Mira la isla central. Hay un plato olvidado ahí. Tiene un pedazo de pastel de la graduación, un poco aplastado.
Alejandro lo mira.
Hace cinco años, hubiera sentido asco. Hubiera llamado a alguien para que lo tirara.
Hoy, toma un tenedor. Corta un pedazo del pastel “sobrante”. Se lo mete a la boca. El betún es dulce, empalagoso, delicioso.
Se come el pastel de pie, en su cocina, disfrutando cada bocado.
Piensa en su empresa. Constructora Norte ha cambiado. Ahora se llama Grupo Salamanca. Sus utilidades han bajado un 15% debido a los costos de los programas sociales, los comedores en obra y los sueldos dignos.
Pero la rotación de personal es cero. Cero. Nadie se va. Los robos de material han desaparecido. La productividad es la más alta del norte del país. Los clientes los buscan no porque sean los más baratos, sino porque saben que ahí se construye bien, sin maldiciones ocultas en los cimientos.

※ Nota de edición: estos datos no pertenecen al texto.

Lemma exists_NoDup_filter {T} (L : list T) (Q : T -> Prop) :
  exists L', NoDup L' /\ forall x, In x L' <-> In x L /\ Q x.
Proof.
  induction L as [|a L [L' [HND HL']]].
  - exists []; split; [constructor | simpl; tauto].
  - destruct (classic (Q a /\ ~ In a L')) as [[Qa Na] | Hn].
    + exists (a :: L'); split; [now constructor|].
      intros x; simpl; rewrite HL'; split.
      * intros [<- | []]; auto.
      * intros [[<- | Hx] Qx]; auto.
    + exists L'; split; auto. intros x; rewrite HL'; simpl; split; [tauto|].
      intros [[<- | Hx] Qx]; auto.
      apply NNPP; intros N; apply Hn; split; auto.
      intros I; apply N, HL', I.
Qed.

Lemma has_sum_on_eq0 {T} (P : T -> Prop) (f : T -> C) s :
  (forall x, P x -> f x = C0) -> has_sum_on P f s -> s = C0.
Proof.
  intros Hf Hs. apply Cnorm_eq0, Rle_antisym; [|apply Cnorm_ge0].
  apply Rnot_lt_le; intros Hpos.
  destruct (Hs _ Hpos) as [L0 [HL0 HL]].
  destruct (exists_NoDup_filter L0 (fun _ => True)) as [L [HND HLe]].
  assert (HLP : forall x, In x L -> P x) by (intros x Hx; apply HL0, HLe, Hx).
  specialize (HL L HND HLP).
  rewrite Csum_eq0, Cnorm_0_sub in HL by (intros; auto).
  apply (Rlt_irrefl (Cnorm s)), HL. intros x Hx; apply HLe; auto.
Qed.

Section HasSumComp.
Variables (T U : Type) (phi : U -> T).
Hypothesis phi_inj : Injective phi.
Variables (P : T -> Prop) (P' : U -> Prop) (f : T -> C).
Hypothesis phi_P : forall u, P' u -> P (phi u).
Hypothesis phi_onto_support : forall t, P t -> f t <> C0 -> exists u, phi u = t /\ P' u.

Lemma lift_support_list L0 : (forall t, In t L0 -> P t) ->
  exists L0', (forall u, In u L0' -> P' u) /\
    forall t, In t L0 -> f t <> C0 -> exists u, In u L0' /\ phi u = t.
Proof.
  induction L0 as [|t L0 IH]; intros HL0; [exists []; simpl; tauto|].
  destruct IH as [L1 [HL1 Hcov]]; [intros; apply HL0; simpl; auto|].
  destruct (classic (f t = C0)) as [Ht | Ht].
  - exists L1; split; auto. intros t' [<- | Ht'] Hft'; [tauto | auto].
  - destruct (phi_onto_support t) as [u [<- Hu]]; [apply HL0; simpl; auto | auto |].
    exists (u :: L1); split; [intros v [<- | Hv]; auto|].
    intros t' [<- | Ht'] Hft'; [exists u; simpl; auto|].
    destruct (Hcov t' Ht' Hft') as [v [Hv <-]]; exists v; simpl; auto.
Qed.
(* For integers $k\ge1$ and $0\le m\le k$, $$C_{1/2,m}(k):=\sum_{j=0}^m(-1)^j\binom{m}{j}\binom{j/2}{k}=(-1)^k\,\frac{2^{-2k+m}\,m}{2k-m}\binom{2k-m}{k}.$$
   Context: For real $x$ and $k\in\mathbb{N}$, $\binom{x}{k}=x(x-1)\cdots(x-k+1)/k!$. *)

From HB Require Import structures.
From mathcomp Require Import all_boot all_order all_algebra.
Set Implicit Arguments. Unset Strict Implicit. Unset Printing Implicit Defensive.
Import Order.TTheory GRing.Theory Num.Theory.
Local Open Scope ring_scope.

Definition gbinom (R : numFieldType) (x : R) (k : nat) : R :=
  (\prod_(i < k) (x - i%:R)) / (k`!)%:R.

From HB Require Import structures.
From mathcomp Require Import all_boot all_order all_algebra.
From mathcomp Require Import ring zify.
Set Implicit Arguments. Unset Strict Implicit. Unset Printing Implicit Defensive.
Import Order.TTheory GRing.Theory Num.Theory.
Local Open Scope ring_scope.

(* Write S(m, k) for the sum. Pascal's rule, the absorption identity
   j C(m+1, j) = (m+1) C(m, j-1) and (k+1) binom(x, k+1) = (x - k) binom(x, k)
   give the recurrence
     (k+1) S(m+1, k+1) = ((m+1)/2 - k) S(m+1, k) - (m+1)/2 S(m, k).
   As an m-th finite difference of a polynomial of degree k, S(m, k) vanishes
   for m > k, and the closed form obeys the same recurrence, so induction on k
   concludes. *)

Section AltBinomSum.
Variable R : comPzRingType.

Definition alt_binom_sum (a : nat -> R) (m : nat) : R :=
  \sum_(j < m.+1) (-1) ^+ j * 'C(m, j)%:R * a j.

Lemma alt_binom_sum_widen (a : nat -> R) m n : (m <= n)%N ->
  alt_binom_sum a m = \sum_(j < n.+1) (-1) ^+ j * 'C(m, j)%:R * a j.
Proof.
move=> le_mn; rewrite /alt_binom_sum.
rewrite (big_ord_widen n.+1 (fun j => (-1) ^+ j * 'C(m, j)%:R * a j)) //.
rewrite [LHS]big_mkcond; apply: eq_bigr => j _.
by case: ltnP => // lt_mj; rewrite bin_small // mulr0 mul0r.
Qed.

Lemma alt_binom_sumS (a : nat -> R) m :
  alt_binom_sum a m.+1 = alt_binom_sum a m - alt_binom_sum (fun j => a j.+1) m.
Proof.
rewrite (alt_binom_sum_widen a (leqnSn m)) /alt_binom_sum !(big_ord_recl m.+1) !bin0 -addrA.
congr (_ + _); rewrite -sumrB; apply: eq_bigr => i _.
by rewrite /bump /= binS natrD exprS; ring.
Qed.

Lemma alt_binom_sum_cst (c : R) m : alt_binom_sum (fun _ => c) m.+1 = 0.
Proof. by rewrite alt_binom_sumS subrr. Qed.

Lemma alt_binom_sum_mul_index (a : nat -> R) m :
  alt_binom_sum (fun j => j%:R * a j) m.+1
  = - m.+1%:R * alt_binom_sum (fun j => a j.+1) m.
Proof.
rewrite /alt_binom_sum big_ord_recl /= !mul0r mulr0 add0r mulr_sumr.
apply: eq_bigr => i _; rewrite /bump /= add1n exprS.
have bin_absorb : 'C(m.+1, i.+1)%:R * i.+1%:R = m.+1%:R * 'C(m, i)%:R :> R.
  by rewrite -!natrM mulnC -mul_bin_diag.
rewrite !mulrA -(mulrA _ _ i.+1%:R) bin_absorb; ring.
Qed.

End AltBinomSum.

Lemma natr_fact_neq0 (R : numDomainType) n : n`!%:R != 0 :> R.
Proof. by rewrite pnatr_eq0 -lt0n fact_gt0. Qed.

Section HalfBinomSum.
Variable R : numFieldType.

Lemma gbinom0 (x : R) : gbinom x 0 = 1.
Proof. by rewrite /gbinom big_ord0 divr1. Qed.

Lemma gbinomS (x : R) k : gbinom x k.+1 * k.+1%:R = gbinom x k * (x - k%:R).
Proof.
rewrite /gbinom big_ord_recr factS natrM /=.
by field; rewrite nat1r natr_fact_neq0 pnatr_eq0.
Qed.

Lemma gbinom0S k : gbinom (0 : R) k.+1 = 0.
Proof. by rewrite /gbinom big_ord_recl /= subr0 !mul0r. Qed.

Definition half_binom_sum (m k : nat) : R :=
  alt_binom_sum (fun j => gbinom (j%:R / 2) k) m.

Lemma half_binom_sum0S k : half_binom_sum 0 k.+1 = 0.
Proof. by rewrite /half_binom_sum /alt_binom_sum big_ord1 (mul0r 2^-1) gbinom0S mulr0. Qed.

Lemma half_binom_sum_rec m k :
  half_binom_sum m.+1 k.+1 * k.+1%:R
  = (m.+1%:R / 2 - k%:R) * half_binom_sum m.+1 k - m.+1%:R / 2 * half_binom_sum m k.
Proof.
have -> : half_binom_sum m.+1 k.+1 * k.+1%:R
    = 2^-1 * alt_binom_sum (fun j => j%:R * gbinom (j%:R / 2) k) m.+1
      - k%:R * half_binom_sum m.+1 k.
  rewrite /half_binom_sum /alt_binom_sum mulr_suml !mulr_sumr -sumrB.
  by apply: eq_bigr => j _; rewrite -(mulrA _ (gbinom _ _)) gbinomS; ring.
rewrite alt_binom_sum_mul_index (_ : alt_binom_sum _ m = half_binom_sum m k - half_binom_sum m.+1 k).
  by ring.
by rewrite /half_binom_sum alt_binom_sumS; ring.
Qed.

Lemma half_binom_sum_eq0 m k : (k < m)%N -> half_binom_sum m k = 0.
Proof.
elim: k m => [|k IH] [|m] //= lt_km.
  rewrite /half_binom_sum /alt_binom_sum; under eq_bigr do rewrite gbinom0.
  exact: (alt_binom_sum_cst 1 m).
apply: (@mulIf _ k.+1%:R); first by rewrite pnatr_eq0.
by rewrite half_binom_sum_rec !IH // 1?ltnW // !mulr0 subrr mul0r.
Qed.

End HalfBinomSum.

Section ClosedForm.
Variable R : numFieldType.

(* The right-hand side of the theorem at k = m + a, so that 2k - m = m + 2a. *)
Definition half_binom_closed (m a : nat) : R :=
  (-1) ^+ (m + a) * ((2%:R ^+ (m + 2 * a)%N)^-1 * m%:R / (m + 2 * a)%:R)
    * 'C(m + 2 * a, m + a)%:R.

Lemma half_binom_closed0 a : half_binom_closed 0 a = 0.
Proof. by rewrite /half_binom_closed mulr0 mul0r mulr0 mul0r. Qed.

Lemma half_binom_closedE m a :
  half_binom_closed m a
  = (-1) ^+ (m + a) * m%:R * (m + 2 * a)`!%:R
    / (2%:R ^+ (m + 2 * a) * (m + 2 * a)%:R * (m + a)`!%:R * a`!%:R).
Proof.
have fact_bin : 'C(m + 2 * a, m + a)%:R * ((m + a)`!%:R * a`!%:R) = (m + 2 * a)`!%:R :> R.
  have le_bin : (m + a <= m + 2 * a)%N by lia.
  by rewrite -!natrM -(bin_fact le_bin) (_ : m + 2 * a - (m + a) = a)%N //; lia.
rewrite /half_binom_closed -fact_bin !invfM.
(* m + 2a may vanish; its inverse occurs on both sides and is kept opaque. *)
move: ((m + 2 * a)%:R^-1 : R) => invN.
by field; rewrite !natr_fact_neq0 expf_neq0 // pnatr_eq0.
Qed.

Lemma half_binom_closed_step p a :
  half_binom_closed p.+1 a.+1 * (p + a).+2%:R
  = (p.+1%:R / 2 - (p + a).+1%:R) * half_binom_closed p.+1 a
    - p.+1%:R / 2 * half_binom_closed p a.+1.
Proof.
rewrite !half_binom_closedE.
have -> : (p.+1 + a.+1 = (p + a).+2)%N by lia.
have -> : (p.+1 + 2 * a.+1 = (p + 2 * a).+3)%N by lia.
have -> : (p.+1 + a = (p + a).+1)%N by lia.
have -> : (p.+1 + 2 * a = (p + 2 * a).+1)%N by lia.
have -> : (p + a.+1 = (p + a).+1)%N by lia.
have -> : (p + 2 * a.+1 = (p + 2 * a).+2)%N by lia.
rewrite !factS !natrM !exprS -!natr1 !natrD ?natrM.
field.
(* [field] has unfolded 2 into 0 + 1 + 1 and n.+1 into n + 1; fold them back. *)
rewrite !natr_fact_neq0 add0r expf_eq0 (_ : 1 + 1 = 2%:R :> R) //.
by rewrite -!natrD !natr1 !pnatr_eq0 andbF.
Qed.

Lemma half_binom_closed_diag q :
  half_binom_closed q.+2 0 * q.+2%:R = - (q.+2%:R / 2) * half_binom_closed q.+1 0.
Proof.
rewrite !half_binom_closedE !muln0 !addn0 !factS fact0 !natrM !exprS -!natr1.
field.
by rewrite natr_fact_neq0 add0r expf_eq0 (_ : 1 + 1 = 2%:R :> R) // !natr1 !pnatr_eq0 andbF.
Qed.

Lemma half_binom_sum_closed k m :
  (m <= k.+1)%N -> half_binom_sum R m k.+1 = half_binom_closed m (k.+1 - m).
Proof.
elim: k m => [|k IH] [|p] le_pk; rewrite ?half_binom_sum0S ?half_binom_closed0 //.
  case: p le_pk => // _.
  apply: (@mulIf _ 1%:R); first by rewrite pnatr_eq0.
  rewrite half_binom_sum_rec half_binom_sum_eq0 // /half_binom_sum /alt_binom_sum big_ord1 gbinom0.
  by rewrite /half_binom_closed subnn muln0 addn0 binn /= invr1 bin0 expr1; ring.
apply: (@mulIf _ k.+2%:R); first by rewrite pnatr_eq0.
rewrite half_binom_sum_rec.
have [lt_pk | ->] : (p < k.+1)%N \/ p = k.+1 by lia.
  rewrite !IH ?(ltnW lt_pk) //.
  have [a ->] : exists a, k = (p + a)%N by exists (k - p)%N; lia.
  have -> : ((p + a).+2 - p.+1 = a.+1)%N by lia.
  have -> : ((p + a).+1 - p.+1 = a)%N by lia.
  have -> : ((p + a).+1 - p = a.+1)%N by lia.
  by rewrite half_binom_closed_step.
rewrite half_binom_sum_eq0 // IH // !subnn mulr0 sub0r.
by rewrite -mulNr -half_binom_closed_diag.
Qed.

End ClosedForm.

Theorem mainTheorem4 (R : numFieldType) (k m : nat) (hk : (1 <= k)%N) (hm : (m <= k)%N) :
  \sum_(j < m.+1) (-1) ^+ j * ('C(m, j))%:R * gbinom ((j%:R) / 2%:R : R) k
  = (-1) ^+ k * ((2%:R ^+ (2 * k - m)%N)^-1 * m%:R / ((2 * k - m)%N)%:R)
      * ('C((2 * k - m)%N, k))%:R.
Proof.
case: k hk hm => [//|k] _ le_mk.
transitivity (half_binom_sum R m k.+1); first by [].
rewrite half_binom_sum_closed // /half_binom_closed subnKC //.
by rewrite (_ : m + 2 * (k.+1 - m) = 2 * k.+1 - m)%N //; lia.
Qed.
(* Let $K>0$, $\mu>0$, $h>0$, and $r=h/H\in(0,1)$. Consider the homogeneous controlled patch problem (context) and suppose that, for some $k>0$, $T(x,t)=e^{-Kk^2t}\phi(x)$ is a solution with $\phi\not\equiv 0$ odd of the form $$\phi(x)=\begin{cases}A\sin kx, & |x|<h/4,\\ \pm C+D\sin[k(x\mp\tfrac h2)]\pm E\cos[k(x\mp \tfrac h2)], & h/4\le \pm x\le 3h/4,\\ B\sin[k(x\mp h)], & 3h/4\le \pm x\le h,\end{cases}$$ with $\phi,\phi'$ continuous and $2h$-periodic. Then $$\sin\frac{kh}{2}\left[\frac{2}{kh}\sin\frac{kh}{2}+\Big(\frac{k^2h^2}{\mu}-1\Big)\cos\frac{kh}{2}\right]=0 .$$
   Context: Homogeneous controlled patch problem (governing perturbations about an equilibrium). A field $T(x,t)$, $2h$-periodic in $x$, satisfies $T_t=KT_{xx}+\frac{K\mu}{h^2}g(x,T)$, where $g$ is piecewise constant: on the right action region $h/4<x<3h/4$, $g=T_{\mathrm{int}}-\frac2h\int_{h/4}^{3h/4}T\,dx$; on the left action region $-3h/4<x<-h/4$, $g=T_{\mathrm{int}}-\frac2h\int_{-3h/4}^{-h/4}T\,dx$; and $g=0$ on the core $|x|<h/4$ and buffer $3h/4<|x|\le h$. Here $T_c=\frac2h\int_{-h/4}^{h/4}T\,dx$ is the core average and, with $r=h/H$, $$T_{\mathrm{int}}=T_c\,\frac{1-13r^2/48}{1-r^2/48}$$ (this is the action-region average of the parabolic interpolant through zero boundary values at $x=\pm H$ with core average $T_c$). Solutions are understood piecewise, with $T,T_x$ continuous across region boundaries. *)

From Stdlib Require Import Reals Lra.
Open Scope R_scope.

Definition integral_is (f : R -> R) (a b v : R) : Prop :=
  exists pr : Riemann_integrable f a b, RiemannInt pr = v.

Definition second_deriv_is (f : R -> R) (x v : R) : Prop :=
  exists f' : R -> R,
    (exists delta, 0 < delta /\
       forall y, Rabs (y - x) < delta -> derivable_pt_lim f y (f' y)) /\
    derivable_pt_lim f' x v.

Definition pde_at (K mu h : R) (T : R -> R -> R) (x t g : R) : Prop :=
  exists Tt Txx,
    derivable_pt_lim (fun s => T x s) t Tt /\
    second_deriv_is (fun y => T y t) x Txx /\
    Tt = K * Txx + K * mu / h ^ 2 * g.

(* T (2h-periodic in x) solves the homogeneous controlled patch problem,
   with r = h/H.  Ic, IL, IR are the integrals of T(.,t) over the core
   and the left/right action regions. *)
Definition solves_patch (K mu h H : R) (T : R -> R -> R) : Prop :=
  (forall x t, T (x + 2 * h) t = T x t) /\
  forall t, exists Ic IL IR : R,
    integral_is (fun y => T y t) (- h / 4) (h / 4) Ic /\
    integral_is (fun y => T y t) (- (3 * h / 4)) (- h / 4) IL /\
    integral_is (fun y => T y t) (h / 4) (3 * h / 4) IR /\
    let r := h / H in
    let Tc := 2 / h * Ic in
    let Tint := Tc * ((1 - 13 * r ^ 2 / 48) / (1 - r ^ 2 / 48)) in
    (forall x, Rabs x < h / 4 -> pde_at K mu h T x t 0) /\
    (forall x, h / 4 < x < 3 * h / 4 -> pde_at K mu h T x t (Tint - 2 / h * IR)) /\
    (forall x, - (3 * h / 4) < x < - h / 4 -> pde_at K mu h T x t (Tint - 2 / h * IL)) /\
    (forall x, 3 * h / 4 < Rabs x <= h -> pde_at K mu h T x t 0).

From Stdlib Require Import Reals Lra.
From Coquelicot Require Import Coquelicot.
Open Scope R_scope.

(* Matching phi and phi' at the junctions x = h/4 and x = 3h/4 gives four linear
   relations among A, ..., E in s = sin (kh/4), c = cos (kh/4).  The core average
   vanishes because phi is odd, so the PDE at the centre x = h/2 of the right action
   region at t = 0 gives a fifth one, C ((kh)^2/mu - 1) (kh/4) = E s.  When s c <> 0
   the junction relations force D = 0, A = -B and C c = -E (c^2 - s^2); with the fifth
   relation either s c + ((kh)^2/mu - 1) (kh/4) (c^2 - s^2) = 0, which is the claim
   after the double-angle formulas, or all coefficients vanish, and then phi vanishes
   on [-h, h], hence everywhere by periodicity. *)

Lemma continuity_pt_eq_near (F : (R -> Prop) -> Prop) {FF : ProperFilter F}
    (f g : R -> R) (x : R) :
  filter_le F (locally x) -> F (fun y => f y = g y) ->
  continuity_pt f x -> continuity_pt g x -> f x = g x.
Proof.
  intros HF Hfg Hf Hg.
  apply continuity_pt_filterlim in Hf, Hg.
  apply (filterlim_locally_unique (F := F) g).
  - exact (filterlim_ext_loc f g Hfg (filterlim_filter_le_1 f HF Hf)).
  - exact (filterlim_filter_le_1 g HF Hg).
Qed.

Lemma continuity_pt_eq_at_left (f g : R -> R) (a x : R) :
  a < x -> (forall y, a < y < x -> f y = g y) ->
  continuity_pt f x -> continuity_pt g x -> f x = g x.
Proof.
  intros Hax Hfg. apply (continuity_pt_eq_near (at_left x)); [apply filter_le_within|].
  assert (Hd : 0 < x - a) by lra.
  exists (mkposreal _ Hd); intros y Hy Hyx; apply Hfg.
  apply Rabs_def2 in Hy; cbn in Hy; lra.
Qed.

Lemma continuity_pt_eq_at_right (f g : R -> R) (x b : R) :
  x < b -> (forall y, x < y < b -> f y = g y) ->
  continuity_pt f x -> continuity_pt g x -> f x = g x.
Proof.
  intros Hxb Hfg. apply (continuity_pt_eq_near (at_right x)); [apply filter_le_within|].
  assert (Hd : 0 < b - x) by lra.
  exists (mkposreal _ Hd); intros y Hy Hxy; apply Hfg.
  apply Rabs_def2 in Hy; cbn in Hy; lra.
Qed.

Lemma derivable_pt_lim_unique_local (f g : R -> R) (a b x l l' : R) :
  a < x < b -> (forall y, a < y < b -> f y = g y) ->
  derivable_pt_lim f x l -> derivable_pt_lim g x l' -> l = l'.
Proof.
  intros Hx Hfg Hf Hg. apply (uniqueness_limite g x); [|exact Hg].
  exact (derivable_pt_lim_locally_ext f g x a b l Hx Hfg Hf).
Qed.

Lemma second_deriv_is_unique_local (f g g' : R -> R) (a b x v v' : R) :
  a < x < b -> (forall y, a < y < b -> f y = g y) ->
  (forall y, derivable_pt_lim g y (g' y)) -> derivable_pt_lim g' x v' ->
  second_deriv_is f x v -> v = v'.
Proof.
  intros Hx Hfg Hg Hg' [f' [[d [Hd Hf']] Hf'']].
  set (a' := Rmax a (x - d)); set (b' := Rmin b (x + d)).
  assert (Ha' : a <= a' /\ x - d <= a') by (split; apply Rmax_l || apply Rmax_r).
  assert (Hb' : b' <= b /\ b' <= x + d) by (split; apply Rmin_l || apply Rmin_r).
  assert (Hx' : a' < x < b').
  { split; [apply Rmax_lub_lt | apply Rmin_glb_lt]; lra. }
  apply (uniqueness_limite g' x); [|exact Hg'].
  apply (derivable_pt_lim_locally_ext f' g' x a' b' v Hx'); [|exact Hf''].
  intros y Hy. apply (derivable_pt_lim_unique_local f g a b y); [lra| exact Hfg | | apply Hg].
  apply Hf'. apply Rabs_def1; lra.
Qed.

Lemma integral_is_antiderivative (f F dF : R -> R) (a b v : R) :
  a <= b ->
  (forall x, a <= x <= b -> derivable_pt_lim F x (dF x)) ->
  (forall x, a <= x <= b -> continuity_pt dF x) ->
  (forall x, a < x < b -> dF x = f x) ->
  integral_is f a b v -> v = F b - F a.
Proof.
  intros Hab HF HdF Hf [pr Hpr]. rewrite <- Hpr, <- RInt_Reals.
  apply is_RInt_unique, (is_RInt_ext dF).
  - rewrite Rmin_left, Rmax_right by lra. exact Hf.
  - apply (is_RInt_derive (V := R_CompleteNormedModule) F dF);
      rewrite Rmin_left, Rmax_right by lra; intros x Hx.
    + apply is_derive_Reals, HF, Hx.
    + apply continuity_pt_filterlim, HdF, Hx.
Qed.

Lemma periodic_zero (f : R -> R) (p a : R) :
  0 < p -> (forall x, f (x + p) = f x) ->
  (forall x, a <= x <= a + p -> f x = 0) -> forall x, f x = 0.
Proof.
  intros Hp Hper Hzero.
  assert (Hshift : forall (n : Z) x, f (x + p * IZR n) = f x).
  { induction n as [|n IH|n IH] using Z.peano_ind; intro x.
    - rewrite Rmult_0_r, Rplus_0_r. reflexivity.
    - rewrite succ_IZR, <- (IH x), <- (Hper (x + p * IZR n)). f_equal. ring.
    - rewrite <- (IH x), <- (Hper (x + p * IZR (Z.pred n))), <- Z.sub_1_r, minus_IZR.
      f_equal. simpl. ring. }
  intro x. set (n := (up ((x - a) / p) - 1)%Z).
  destruct (archimed ((x - a) / p)) as [Hup1 Hup2].
  assert (Hn : (x - a) / p - 1 < IZR n <= (x - a) / p).
  { unfold n. rewrite minus_IZR. simpl. lra. }
  assert (Hq : (x - a) / p * p = x - a) by (field; lra).
  replace x with ((x - p * IZR n) + p * IZR n) by ring.
  rewrite Hshift. apply Hzero. nra.
Qed.

Lemma mode_algebra (s c m A B C D E : R) :
  s ^ 2 + c ^ 2 = 1 ->
  A * s = C - D * s + E * c -> C + D * s + E * c = - B * s ->
  A * c = D * c + E * s -> D * c - E * s = B * c ->
  C * m = E * s ->
  ~ (A = 0 /\ B = 0 /\ C = 0 /\ D = 0 /\ E = 0) ->
  s * c * (s * c + m * (c ^ 2 - s ^ 2)) = 0.
Proof.
  intros Hsc Hval_in Hval_out Hslope_in Hslope_out Hm Hnz.
  destruct (Req_dec (s * c) 0) as [Hsc0|Hsc0]; [rewrite Hsc0; ring|].
  assert (Hc : c <> 0) by (intro Hc; apply Hsc0; rewrite Hc; ring).
  assert (HsumC : (A + B) * c = 2 * D * c) by lra.
  assert (HsumS : (A + B) * s = - 2 * D * s) by lra.
  assert (HD : D = 0).
  { assert (H4D : 4 * D * (s * c) = 0).
    { replace (4 * D * (s * c)) with ((2 * D * c) * s - (- 2 * D * s) * c) by ring.
      rewrite <- HsumC, <- HsumS. ring. }
    destruct (Rmult_integral _ _ H4D) as [H|H]; [lra|contradiction]. }
  subst D.
  assert (HAB : A + B = 0).
  { replace (A + B) with ((A + B) * (s ^ 2 + c ^ 2)) by (rewrite Hsc; ring).
    replace ((A + B) * (s ^ 2 + c ^ 2)) with (((A + B) * s) * s + ((A + B) * c) * c) by ring.
    rewrite HsumC, HsumS. ring. }
  assert (HdiffC : (A - B) * c = 2 * E * s) by lra.
  assert (HdiffS : (A - B) * s = 2 * C + 2 * E * c) by lra.
  assert (HCc : C * c = - E * (c ^ 2 - s ^ 2)).
  { apply (Rmult_eq_reg_l 2); [|lra].
    replace (2 * (C * c)) with (((A - B) * s) * c - 2 * E * c * c) by (rewrite HdiffS; ring).
    replace ((A - B) * s * c) with (((A - B) * c) * s) by ring. rewrite HdiffC. ring. }
  assert (HE : E * (s * c + m * (c ^ 2 - s ^ 2)) = 0).
  { replace (E * (s * c + m * (c ^ 2 - s ^ 2)))
      with ((E * s) * c - m * (- E * (c ^ 2 - s ^ 2))) by ring.
    rewrite <- HCc, <- Hm. ring. }
  destruct (Rmult_integral _ _ HE) as [HE0|Hgoal]; [|rewrite Hgoal; ring].
  exfalso. subst E. apply Hnz.
  assert (HAmB : A - B = 0) by (apply (Rmult_eq_reg_r c); [rewrite HdiffC; ring|exact Hc]).
  rewrite HAmB in HdiffS. repeat split; lra.
Qed.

Alejandro piensa en su cuenta bancaria. Tiene menos ceros que antes. Ya no es “billonario” en términos de Forbes. Tal vez solo sea millonario.
Pero luego piensa en la mirada de María al recibir su título. Piensa en el abrazo de oso de Rogelio. Piensa en la risa de Beto.
—Soy el hombre más rico del mundo —susurra Alejandro a la oscuridad.
Deja el plato vacío en el fregadero. Apaga la luz.
La casa duerme.
Arriba, en su recámara, Alejandro se acuesta. No necesita pastillas para dormir. Su conciencia es la almohada más suave que existe.
Mañana será otro día. Hay una junta con el consejo de la Fundación. Quieren abrir una escuela técnica para hijos de albañiles. Va a costar una fortuna. Regina diría que es una locura.
Alejandro sonríe en la oscuridad, cerrando los ojos.
“Va a ser la mejor inversión de mi vida”.
Y con ese pensamiento, el hombre que una vez fue pobre teniendo todo el dinero del mundo, se duerme, envuelto en la verdadera y eterna abundancia: la paz de haber hecho lo correcto.